Starent Networks
- Company type: Division
- Industry: Networking hardware
- Founded: 2000
- Defunct: 2009
- Fate: Acquired by Cisco Systems
- Successor: Cisco Systems
- Headquarters: Tewksbury, Massachusetts, United States
- Area served: Worldwide
- Products: Routers
- Parent: Cisco Systems
- Website: www.cisco.com

= Starent Networks =

Defunct American computer networking equipment company

Starent Networks was an American information technology and computer networking products company. It was headquartered in Tewksbury, Massachusetts, USA, with major engineering facilities in Pune, India and Bangalore, India. Starent Networks was bought by Cisco in 2009.

Starent was a provider of infrastructure products that enabled mobile operators to deliver multimedia services such as video, Internet access, voice-over-IP, e-mail, mobile TV, photo sharing, and gaming to their subscribers.
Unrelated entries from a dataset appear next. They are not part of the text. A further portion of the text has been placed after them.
Lemma det_mxsub_pad n m (f : 'I_m -> 'I_n) (M : 'M[R]_n) : injective f ->
  \det (mxsub f f M) = \det (pad_mx (f @: setT) M).
Proof.
elim: n M m f => [|n IH] M m f f_inj.
  by case: m f f_inj => [|m] f; [rewrite !det_mx00 | case: (f ord0)].
have [a aS | f_onto] := pickP (fun a => a \notin f @: setT); last first.
  have inS b : b \in f @: setT by apply/negbFE/f_onto.
  have Emn : m = n.+1.
    rewrite -[m]card_ord -cardsT -(card_imset _ f_inj).
    have -> : f @: setT = [set: 'I_n.+1] by apply/setP => b; rewrite inS inE.
    by rewrite cardsT card_ord.
  subst m; have -> : pad_mx (f @: setT) M = M.
    by apply/matrixP => b c; rewrite mxE !inS.
  rewrite -(det_mxsub_perm (perm f_inj) M); congr (\det _).
  by apply/matrixP => b c; rewrite !mxE !permE.
have fa p : a != f p by apply: contraNneq aS => ->; rewrite imset_f ?inE.
case: m f f_inj fa aS => [|m] f f_inj fa aS.
  have -> : f @: setT = set0 by apply/setP => b; rewrite inE; apply/imsetP => -[[]].
  have -> : pad_mx set0 M = 1%:M by apply/matrixP => b c; rewrite !mxE inE.
  by rewrite det1 det_mx00.
have [b0 _ _] := unlift_some (fa ord0).
pose g p := odflt b0 (unlift a (f p)).
have fE p : f p = lift a (g p) by rewrite /g; case: (unlift_some (fa p)) => b -> ->.
have g_inj : injective g by move=> p q e; apply: f_inj; rewrite !fE e.
have inS b : (lift a b \in f @: setT) = (b \in g @: setT).
  apply/imsetP/imsetP => -[p _ e]; exists p => //; last by rewrite e fE.
  by apply: (@lift_inj _ a); rewrite -fE.
rewrite (expand_det_row _ a) (bigD1 a) //= big1 ?addr0 => [|b ba]; last first.
  by rewrite mxE (negbTE aS) eq_sym (negbTE ba) mul0r.
rewrite mxE (negbTE aS) eqxx mul1r /cofactor -signr_odd addnn odd_double mul1r.
have -> : mxsub f f M = mxsub g g (row' a (col' a M)).
  by apply/matrixP => p q; rewrite !mxE !fE.
rewrite IH //; congr (\det _); apply/matrixP => b c.
by rewrite !mxE !inS (inj_eq lift_inj).
Qed.
(* Multiplication by a nonzero D is injective on residues modulo an irreducible p,
   i.e. GF(q)[X]/(p) is a field. *)
Lemma mulmod_inj (K : fieldType) (p D u v : {poly K}) :
  irreducible_poly p -> D != 0 -> (size D < size p)%N ->
  (size u < size p)%N -> (size v < size p)%N ->
  (u * D) %% p = (v * D) %% p -> u = v.
Proof.
move=> irr_p nz_D size_D size_u size_v eq_uv.
have coprime_pD : coprimep p D by rewrite irreducible_poly_coprime // gtNdvdp.
have : dvdp p (u - v).
  by rewrite -(Gauss_dvdpl _ coprime_pD); apply/modp_eq0P; rewrite mulrBl modpD modpN eq_uv subrr.
have size_uv : (size (u - v)%R < size p)%N.
  by apply: leq_ltn_trans (size_polyD _ _) _; rewrite size_polyN gtn_max size_u size_v.
by apply: contraTeq; rewrite -subr_eq0 => nz_uv; rewrite gtNdvdp.
Qed.

Lemma card_multiples N m : (0 < m)%N -> (m %| N)%N -> (#|[set y : 'I_N | m %| y]| * m = N)%N.
Proof.
move=> m_gt0 dvd_mN.
have lt_mul (k : 'I_(N %/ m)) : (k * m < N)%N by rewrite -ltn_divRL.
pose mul_m (k : 'I_(N %/ m)) : 'I_N := Ordinal (lt_mul k).
have mul_m_inj : injective mul_m.
  by move=> k k' /(congr1 val) /eqP; rewrite /= eqn_pmul2r // => /eqP /val_inj.
have -> : [set y : 'I_N | m %| y]%N = mul_m @: [set: 'I_(N %/ m)].
  apply/setP => y; rewrite inE; apply/idP/imsetP => [dvd_my|[k _ ->]]; last exact: dvdn_mull.
  have lt_k : (y %/ m < N %/ m)%N by rewrite ltn_divRL ?divnK.
  by exists (Ordinal lt_k); rewrite ?inE //; apply: val_inj; rewrite /= divnK.
by rewrite card_imset // cardsT card_ord divnK.
Qed.

Lemma card_ffun2_last (T : finType) (Q : {set T}) :
  #|[set a : {ffun 'I_2 -> T} | a ord_max \in Q]| = (#|T| * #|Q|)%N.
Proof.
pose F (i : 'I_2) : pred T := if i == ord_max then [in Q] else predT.
have -> : [set a : {ffun 'I_2 -> T} | a ord_max \in Q] = [set a in family F].
  apply/setP => a; rewrite !inE; apply/idP/familyP => [Qa i|/(_ ord_max)].
  - by rewrite /F; case: eqP => [->|].
  - by rewrite /F eqxx.
rewrite cardsE card_family /image_mem (@enum_ordSl 1) (@enum_ordSl 0) enum_ord0 /= /F /=.
by rewrite muln1 cardT.
Qed.

Section LinearHash.
Variables (d c : nat) (p : {poly 'F_2}).
Hypotheses (le_cd : (c <= d)%N) (irr_p : irreducible_poly p) (size_p : size p = d.+1).

Lemma size_modp (q : {poly 'F_2}) : (size (q %% p)%R <= d)%N.
Proof. by rewrite -ltnS -size_p ltn_modpN0 // -size_poly_eq0 size_p. Qed.

Lemma gfeval_linear (a : {ffun 'I_2 -> 'I_(2 ^ d)}) x :
  gfeval p a x = bits2nat d (bitpoly d (a ord0) + (bitpoly d (a ord_max) * bitpoly d x) %% p).
Proof.
rewrite /gfeval big_ord_recl big_ord1 expr0 mulr1 expr1 modpD modp_small; last first.
  by rewrite size_p ltnS size_bitpoly.
by congr (bits2nat _ (_ + (bitpoly _ (a _) * _) %% _)); apply: val_inj.
Qed.

Lemma hfun_collide (a : {ffun 'I_2 -> 'I_(2 ^ d)}) x x' :
  (hfun p c a x == hfun p c a x') =
  (bits2nat c ((bitpoly d (a ord_max) * (bitpoly d x - bitpoly d x')) %% p) == 0)%N.
Proof.
rewrite /hfun !gfeval_linear !bits2nat_mod // bits2nat_eq_subr.
by rewrite mulrBr modpD modpN opprD addrACA subrr add0r.
Qed.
The products act as gateways that connect the radio access network to the IP network. The gateways allow the service provider to have fine control over the end user experience of the high bandwidth/low latency applications, transaction accounting details and access control.

On October 13, 2009, Cisco announced a plan to purchase Starent for US$2.9 billion.
On December 18, 2009, Cisco completed acquisition of Starent Networks.